| TASK BRIEF |
Pull from the data below each line where the word "mathrm" occurs, and copy it.

---------- DATA PROVIDED ----------

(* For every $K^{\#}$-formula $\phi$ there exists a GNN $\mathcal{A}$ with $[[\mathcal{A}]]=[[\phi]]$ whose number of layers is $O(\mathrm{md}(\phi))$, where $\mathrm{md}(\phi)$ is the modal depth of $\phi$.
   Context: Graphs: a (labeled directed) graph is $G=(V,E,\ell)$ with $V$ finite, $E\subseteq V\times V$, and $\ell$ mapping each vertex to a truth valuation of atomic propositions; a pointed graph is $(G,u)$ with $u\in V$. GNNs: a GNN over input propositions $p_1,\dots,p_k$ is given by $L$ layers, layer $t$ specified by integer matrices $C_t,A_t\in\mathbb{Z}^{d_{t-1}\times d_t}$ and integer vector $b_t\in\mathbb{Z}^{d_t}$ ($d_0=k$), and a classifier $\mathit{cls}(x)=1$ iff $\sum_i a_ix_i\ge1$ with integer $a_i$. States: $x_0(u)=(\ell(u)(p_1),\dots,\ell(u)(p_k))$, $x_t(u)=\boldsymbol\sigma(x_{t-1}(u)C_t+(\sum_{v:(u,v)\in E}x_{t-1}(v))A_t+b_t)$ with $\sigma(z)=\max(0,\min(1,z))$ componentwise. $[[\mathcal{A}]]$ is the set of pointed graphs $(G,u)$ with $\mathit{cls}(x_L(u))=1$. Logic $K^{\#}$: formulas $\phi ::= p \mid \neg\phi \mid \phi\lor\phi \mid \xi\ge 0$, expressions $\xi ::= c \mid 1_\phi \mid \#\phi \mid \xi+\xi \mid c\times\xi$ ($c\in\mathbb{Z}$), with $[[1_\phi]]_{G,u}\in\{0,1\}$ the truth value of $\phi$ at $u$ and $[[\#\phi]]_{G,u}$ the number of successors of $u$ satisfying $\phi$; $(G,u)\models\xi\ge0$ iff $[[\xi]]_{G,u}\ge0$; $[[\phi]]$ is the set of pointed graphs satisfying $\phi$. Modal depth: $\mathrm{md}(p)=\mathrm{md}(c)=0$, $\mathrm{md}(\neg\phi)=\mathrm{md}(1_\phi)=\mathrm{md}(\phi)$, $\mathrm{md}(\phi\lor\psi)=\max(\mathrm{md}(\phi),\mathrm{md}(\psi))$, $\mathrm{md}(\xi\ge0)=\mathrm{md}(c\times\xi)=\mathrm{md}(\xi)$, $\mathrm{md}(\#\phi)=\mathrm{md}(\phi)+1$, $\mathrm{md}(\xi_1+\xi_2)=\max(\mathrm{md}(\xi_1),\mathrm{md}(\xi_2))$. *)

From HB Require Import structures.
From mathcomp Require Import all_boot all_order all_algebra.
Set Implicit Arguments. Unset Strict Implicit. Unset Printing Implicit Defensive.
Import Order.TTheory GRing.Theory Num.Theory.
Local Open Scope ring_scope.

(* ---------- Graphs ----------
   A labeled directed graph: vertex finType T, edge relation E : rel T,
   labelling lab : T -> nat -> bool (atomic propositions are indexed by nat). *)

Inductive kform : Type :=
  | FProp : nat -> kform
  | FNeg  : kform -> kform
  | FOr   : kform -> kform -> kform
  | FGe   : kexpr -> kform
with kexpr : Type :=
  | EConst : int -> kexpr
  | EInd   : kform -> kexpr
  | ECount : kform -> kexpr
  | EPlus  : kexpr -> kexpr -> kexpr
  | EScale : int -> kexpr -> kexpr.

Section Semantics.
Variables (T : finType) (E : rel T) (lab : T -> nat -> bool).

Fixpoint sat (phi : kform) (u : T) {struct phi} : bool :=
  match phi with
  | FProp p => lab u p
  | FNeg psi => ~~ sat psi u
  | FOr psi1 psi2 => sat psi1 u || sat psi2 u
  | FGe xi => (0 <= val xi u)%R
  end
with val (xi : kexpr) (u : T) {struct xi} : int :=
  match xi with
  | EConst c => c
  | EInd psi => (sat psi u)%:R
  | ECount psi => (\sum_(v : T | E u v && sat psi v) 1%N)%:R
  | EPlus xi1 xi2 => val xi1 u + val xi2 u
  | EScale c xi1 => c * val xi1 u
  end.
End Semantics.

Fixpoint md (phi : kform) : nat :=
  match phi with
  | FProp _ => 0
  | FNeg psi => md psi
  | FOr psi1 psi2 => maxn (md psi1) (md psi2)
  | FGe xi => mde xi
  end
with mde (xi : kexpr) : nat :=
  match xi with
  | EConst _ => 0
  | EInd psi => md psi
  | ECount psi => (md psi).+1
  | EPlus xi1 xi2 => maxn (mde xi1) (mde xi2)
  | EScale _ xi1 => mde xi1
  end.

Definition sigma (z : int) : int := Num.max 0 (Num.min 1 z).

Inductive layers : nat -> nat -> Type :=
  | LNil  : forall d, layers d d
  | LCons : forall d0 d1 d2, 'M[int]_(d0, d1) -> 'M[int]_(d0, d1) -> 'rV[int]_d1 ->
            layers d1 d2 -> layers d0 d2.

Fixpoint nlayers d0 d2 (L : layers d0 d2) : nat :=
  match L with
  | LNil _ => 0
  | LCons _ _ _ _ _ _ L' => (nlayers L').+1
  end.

----------
---------- DATA PROVIDED ----------

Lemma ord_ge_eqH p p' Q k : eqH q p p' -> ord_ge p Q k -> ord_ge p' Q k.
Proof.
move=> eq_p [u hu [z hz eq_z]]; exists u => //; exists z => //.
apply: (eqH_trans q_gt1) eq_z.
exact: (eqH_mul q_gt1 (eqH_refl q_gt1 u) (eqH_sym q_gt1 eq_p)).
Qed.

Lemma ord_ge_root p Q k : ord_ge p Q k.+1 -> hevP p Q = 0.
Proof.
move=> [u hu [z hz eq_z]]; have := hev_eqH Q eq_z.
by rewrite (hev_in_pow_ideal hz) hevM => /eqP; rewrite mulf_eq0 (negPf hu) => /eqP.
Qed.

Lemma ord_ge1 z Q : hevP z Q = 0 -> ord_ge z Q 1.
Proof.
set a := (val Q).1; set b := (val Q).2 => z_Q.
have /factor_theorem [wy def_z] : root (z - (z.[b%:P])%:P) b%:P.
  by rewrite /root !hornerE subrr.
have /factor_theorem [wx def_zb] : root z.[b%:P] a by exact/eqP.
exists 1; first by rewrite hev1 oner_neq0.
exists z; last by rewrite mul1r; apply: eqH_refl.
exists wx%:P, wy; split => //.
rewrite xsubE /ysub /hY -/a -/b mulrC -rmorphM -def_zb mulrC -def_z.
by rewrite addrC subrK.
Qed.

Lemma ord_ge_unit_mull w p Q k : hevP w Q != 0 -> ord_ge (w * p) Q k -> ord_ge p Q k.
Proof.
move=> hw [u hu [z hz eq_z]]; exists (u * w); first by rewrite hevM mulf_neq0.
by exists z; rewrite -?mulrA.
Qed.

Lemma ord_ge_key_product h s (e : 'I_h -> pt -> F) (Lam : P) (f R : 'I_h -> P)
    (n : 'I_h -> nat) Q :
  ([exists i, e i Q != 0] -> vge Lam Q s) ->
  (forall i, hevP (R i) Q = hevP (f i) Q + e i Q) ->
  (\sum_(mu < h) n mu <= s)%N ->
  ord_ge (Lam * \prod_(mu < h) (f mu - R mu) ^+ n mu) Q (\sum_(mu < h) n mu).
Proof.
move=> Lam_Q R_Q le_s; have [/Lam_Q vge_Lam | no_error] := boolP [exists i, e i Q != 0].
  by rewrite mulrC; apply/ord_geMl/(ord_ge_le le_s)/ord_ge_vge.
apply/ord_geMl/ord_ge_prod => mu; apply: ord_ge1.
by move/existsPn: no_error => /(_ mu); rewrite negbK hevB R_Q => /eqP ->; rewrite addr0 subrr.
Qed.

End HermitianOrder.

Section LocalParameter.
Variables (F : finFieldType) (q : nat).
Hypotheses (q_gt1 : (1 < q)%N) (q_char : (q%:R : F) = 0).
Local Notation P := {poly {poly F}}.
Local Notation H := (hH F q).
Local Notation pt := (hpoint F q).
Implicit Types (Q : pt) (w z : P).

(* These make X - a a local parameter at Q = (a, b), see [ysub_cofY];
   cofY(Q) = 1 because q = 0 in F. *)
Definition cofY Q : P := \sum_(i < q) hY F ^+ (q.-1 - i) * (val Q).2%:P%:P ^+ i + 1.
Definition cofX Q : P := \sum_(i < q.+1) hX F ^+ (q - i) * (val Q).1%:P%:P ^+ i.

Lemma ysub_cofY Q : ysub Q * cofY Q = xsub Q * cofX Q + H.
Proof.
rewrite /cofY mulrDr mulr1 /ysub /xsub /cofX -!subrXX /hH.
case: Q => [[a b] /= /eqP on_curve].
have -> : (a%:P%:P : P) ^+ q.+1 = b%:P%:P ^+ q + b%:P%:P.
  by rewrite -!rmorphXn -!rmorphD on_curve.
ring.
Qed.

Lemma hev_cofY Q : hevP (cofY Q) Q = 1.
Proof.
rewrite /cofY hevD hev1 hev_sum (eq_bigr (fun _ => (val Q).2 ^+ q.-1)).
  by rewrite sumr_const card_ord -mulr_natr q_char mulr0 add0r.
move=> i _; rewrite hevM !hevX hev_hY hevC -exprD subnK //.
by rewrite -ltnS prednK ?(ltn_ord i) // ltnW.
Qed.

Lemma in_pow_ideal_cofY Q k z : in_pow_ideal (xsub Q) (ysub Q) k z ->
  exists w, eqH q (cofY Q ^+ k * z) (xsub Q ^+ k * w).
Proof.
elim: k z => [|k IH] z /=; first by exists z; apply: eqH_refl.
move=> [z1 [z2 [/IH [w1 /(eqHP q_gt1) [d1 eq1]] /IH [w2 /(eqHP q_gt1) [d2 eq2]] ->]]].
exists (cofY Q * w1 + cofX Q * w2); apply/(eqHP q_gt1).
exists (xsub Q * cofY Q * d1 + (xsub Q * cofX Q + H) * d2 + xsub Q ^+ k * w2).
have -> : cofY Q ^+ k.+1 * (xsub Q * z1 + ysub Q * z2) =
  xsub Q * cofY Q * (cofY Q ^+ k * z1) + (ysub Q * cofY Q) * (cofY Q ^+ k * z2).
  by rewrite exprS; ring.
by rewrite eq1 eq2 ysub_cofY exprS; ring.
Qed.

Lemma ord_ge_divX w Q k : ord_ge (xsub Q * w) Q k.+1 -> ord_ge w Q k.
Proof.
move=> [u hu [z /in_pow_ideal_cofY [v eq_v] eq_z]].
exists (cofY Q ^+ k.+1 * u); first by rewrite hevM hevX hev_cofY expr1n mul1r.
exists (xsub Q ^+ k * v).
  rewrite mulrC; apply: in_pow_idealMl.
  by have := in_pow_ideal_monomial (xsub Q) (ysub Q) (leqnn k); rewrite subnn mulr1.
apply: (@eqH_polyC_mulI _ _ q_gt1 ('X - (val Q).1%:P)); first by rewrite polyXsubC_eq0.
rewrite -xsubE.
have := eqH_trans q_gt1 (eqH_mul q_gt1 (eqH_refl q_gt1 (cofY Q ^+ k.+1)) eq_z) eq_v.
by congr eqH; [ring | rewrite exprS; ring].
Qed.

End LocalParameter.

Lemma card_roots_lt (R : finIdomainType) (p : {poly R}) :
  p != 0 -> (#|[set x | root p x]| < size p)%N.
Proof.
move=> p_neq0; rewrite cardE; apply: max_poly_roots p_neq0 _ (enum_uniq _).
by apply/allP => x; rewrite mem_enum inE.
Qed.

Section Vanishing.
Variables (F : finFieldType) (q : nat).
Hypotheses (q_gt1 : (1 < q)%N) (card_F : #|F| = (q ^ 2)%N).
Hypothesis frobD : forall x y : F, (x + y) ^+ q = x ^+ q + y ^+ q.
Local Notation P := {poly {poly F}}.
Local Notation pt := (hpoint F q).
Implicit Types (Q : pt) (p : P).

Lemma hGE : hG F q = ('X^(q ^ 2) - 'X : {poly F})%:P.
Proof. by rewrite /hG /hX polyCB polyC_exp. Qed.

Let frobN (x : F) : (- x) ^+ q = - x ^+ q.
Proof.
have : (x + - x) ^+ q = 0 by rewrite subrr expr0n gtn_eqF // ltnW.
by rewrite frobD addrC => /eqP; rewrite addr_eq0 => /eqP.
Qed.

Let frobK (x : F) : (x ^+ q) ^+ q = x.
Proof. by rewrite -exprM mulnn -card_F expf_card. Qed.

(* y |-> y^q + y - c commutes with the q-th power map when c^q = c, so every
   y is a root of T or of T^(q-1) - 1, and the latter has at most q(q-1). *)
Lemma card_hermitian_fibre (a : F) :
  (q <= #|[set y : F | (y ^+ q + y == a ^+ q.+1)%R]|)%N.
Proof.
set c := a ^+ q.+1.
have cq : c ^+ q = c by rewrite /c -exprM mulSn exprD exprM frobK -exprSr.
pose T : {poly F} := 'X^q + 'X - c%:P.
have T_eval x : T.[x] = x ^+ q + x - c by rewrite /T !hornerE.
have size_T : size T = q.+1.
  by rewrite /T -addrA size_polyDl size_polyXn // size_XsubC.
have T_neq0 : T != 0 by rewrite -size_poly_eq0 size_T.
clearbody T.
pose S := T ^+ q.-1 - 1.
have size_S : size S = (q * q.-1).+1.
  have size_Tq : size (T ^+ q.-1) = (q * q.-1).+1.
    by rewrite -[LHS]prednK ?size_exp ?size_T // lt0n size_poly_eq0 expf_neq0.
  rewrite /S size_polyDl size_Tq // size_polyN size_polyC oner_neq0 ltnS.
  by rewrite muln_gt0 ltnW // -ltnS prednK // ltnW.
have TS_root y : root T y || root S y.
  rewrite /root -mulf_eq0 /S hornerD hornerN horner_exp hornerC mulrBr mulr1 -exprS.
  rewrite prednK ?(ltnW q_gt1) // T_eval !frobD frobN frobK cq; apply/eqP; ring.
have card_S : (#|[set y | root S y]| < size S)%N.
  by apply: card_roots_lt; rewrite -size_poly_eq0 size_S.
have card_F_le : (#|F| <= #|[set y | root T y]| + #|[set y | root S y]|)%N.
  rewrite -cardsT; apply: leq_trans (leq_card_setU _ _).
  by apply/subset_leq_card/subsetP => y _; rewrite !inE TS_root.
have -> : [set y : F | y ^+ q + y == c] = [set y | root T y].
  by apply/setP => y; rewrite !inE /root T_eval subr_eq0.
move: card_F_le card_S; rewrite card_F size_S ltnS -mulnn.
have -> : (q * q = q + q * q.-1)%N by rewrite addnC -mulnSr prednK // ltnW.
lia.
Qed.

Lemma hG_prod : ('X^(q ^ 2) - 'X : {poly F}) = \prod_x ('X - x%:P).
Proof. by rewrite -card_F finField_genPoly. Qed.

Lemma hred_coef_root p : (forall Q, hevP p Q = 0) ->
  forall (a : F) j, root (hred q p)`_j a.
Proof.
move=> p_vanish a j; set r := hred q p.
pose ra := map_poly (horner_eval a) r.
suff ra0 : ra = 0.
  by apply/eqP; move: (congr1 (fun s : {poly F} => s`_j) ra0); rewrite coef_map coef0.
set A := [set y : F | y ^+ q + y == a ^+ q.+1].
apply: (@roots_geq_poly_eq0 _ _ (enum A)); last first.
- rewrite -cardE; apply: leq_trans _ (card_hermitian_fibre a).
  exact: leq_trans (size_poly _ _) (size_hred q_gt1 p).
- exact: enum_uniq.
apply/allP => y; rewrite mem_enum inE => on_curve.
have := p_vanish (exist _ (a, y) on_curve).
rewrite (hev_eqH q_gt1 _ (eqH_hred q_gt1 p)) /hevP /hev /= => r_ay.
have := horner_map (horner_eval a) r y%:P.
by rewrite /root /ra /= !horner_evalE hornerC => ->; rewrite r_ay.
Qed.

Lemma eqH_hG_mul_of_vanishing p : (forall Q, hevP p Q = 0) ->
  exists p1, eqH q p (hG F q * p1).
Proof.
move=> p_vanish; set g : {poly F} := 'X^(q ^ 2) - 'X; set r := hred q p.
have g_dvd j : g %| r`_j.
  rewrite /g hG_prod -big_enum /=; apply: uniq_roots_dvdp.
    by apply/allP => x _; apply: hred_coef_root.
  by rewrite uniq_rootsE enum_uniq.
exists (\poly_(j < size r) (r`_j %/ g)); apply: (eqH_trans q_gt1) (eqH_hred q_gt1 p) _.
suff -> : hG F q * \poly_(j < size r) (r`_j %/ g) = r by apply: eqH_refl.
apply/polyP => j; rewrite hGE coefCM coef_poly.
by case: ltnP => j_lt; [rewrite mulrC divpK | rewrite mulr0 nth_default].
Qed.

----------

| RESULT OF THE EXERCISE |
(* For every $K^{\#}$-formula $\phi$ there exists a GNN $\mathcal{A}$ with $[[\mathcal{A}]]=[[\phi]]$ whose number of layers is $O(\mathrm{md}(\phi))$, where $\mathrm{md}(\phi)$ is the modal depth of $\phi$.
   Context: Graphs: a (labeled directed) graph is $G=(V,E,\ell)$ with $V$ finite, $E\subseteq V\times V$, and $\ell$ mapping each vertex to a truth valuation of atomic propositions; a pointed graph is $(G,u)$ with $u\in V$. GNNs: a GNN over input propositions $p_1,\dots,p_k$ is given by $L$ layers, layer $t$ specified by integer matrices $C_t,A_t\in\mathbb{Z}^{d_{t-1}\times d_t}$ and integer vector $b_t\in\mathbb{Z}^{d_t}$ ($d_0=k$), and a classifier $\mathit{cls}(x)=1$ iff $\sum_i a_ix_i\ge1$ with integer $a_i$. States: $x_0(u)=(\ell(u)(p_1),\dots,\ell(u)(p_k))$, $x_t(u)=\boldsymbol\sigma(x_{t-1}(u)C_t+(\sum_{v:(u,v)\in E}x_{t-1}(v))A_t+b_t)$ with $\sigma(z)=\max(0,\min(1,z))$ componentwise. $[[\mathcal{A}]]$ is the set of pointed graphs $(G,u)$ with $\mathit{cls}(x_L(u))=1$. Logic $K^{\#}$: formulas $\phi ::= p \mid \neg\phi \mid \phi\lor\phi \mid \xi\ge 0$, expressions $\xi ::= c \mid 1_\phi \mid \#\phi \mid \xi+\xi \mid c\times\xi$ ($c\in\mathbb{Z}$), with $[[1_\phi]]_{G,u}\in\{0,1\}$ the truth value of $\phi$ at $u$ and $[[\#\phi]]_{G,u}$ the number of successors of $u$ satisfying $\phi$; $(G,u)\models\xi\ge0$ iff $[[\xi]]_{G,u}\ge0$; $[[\phi]]$ is the set of pointed graphs satisfying $\phi$. Modal depth: $\mathrm{md}(p)=\mathrm{md}(c)=0$, $\mathrm{md}(\neg\phi)=\mathrm{md}(1_\phi)=\mathrm{md}(\phi)$, $\mathrm{md}(\phi\lor\psi)=\max(\mathrm{md}(\phi),\mathrm{md}(\psi))$, $\mathrm{md}(\xi\ge0)=\mathrm{md}(c\times\xi)=\mathrm{md}(\xi)$, $\mathrm{md}(\#\phi)=\mathrm{md}(\phi)+1$, $\mathrm{md}(\xi_1+\xi_2)=\max(\mathrm{md}(\xi_1),\mathrm{md}(\xi_2))$. *)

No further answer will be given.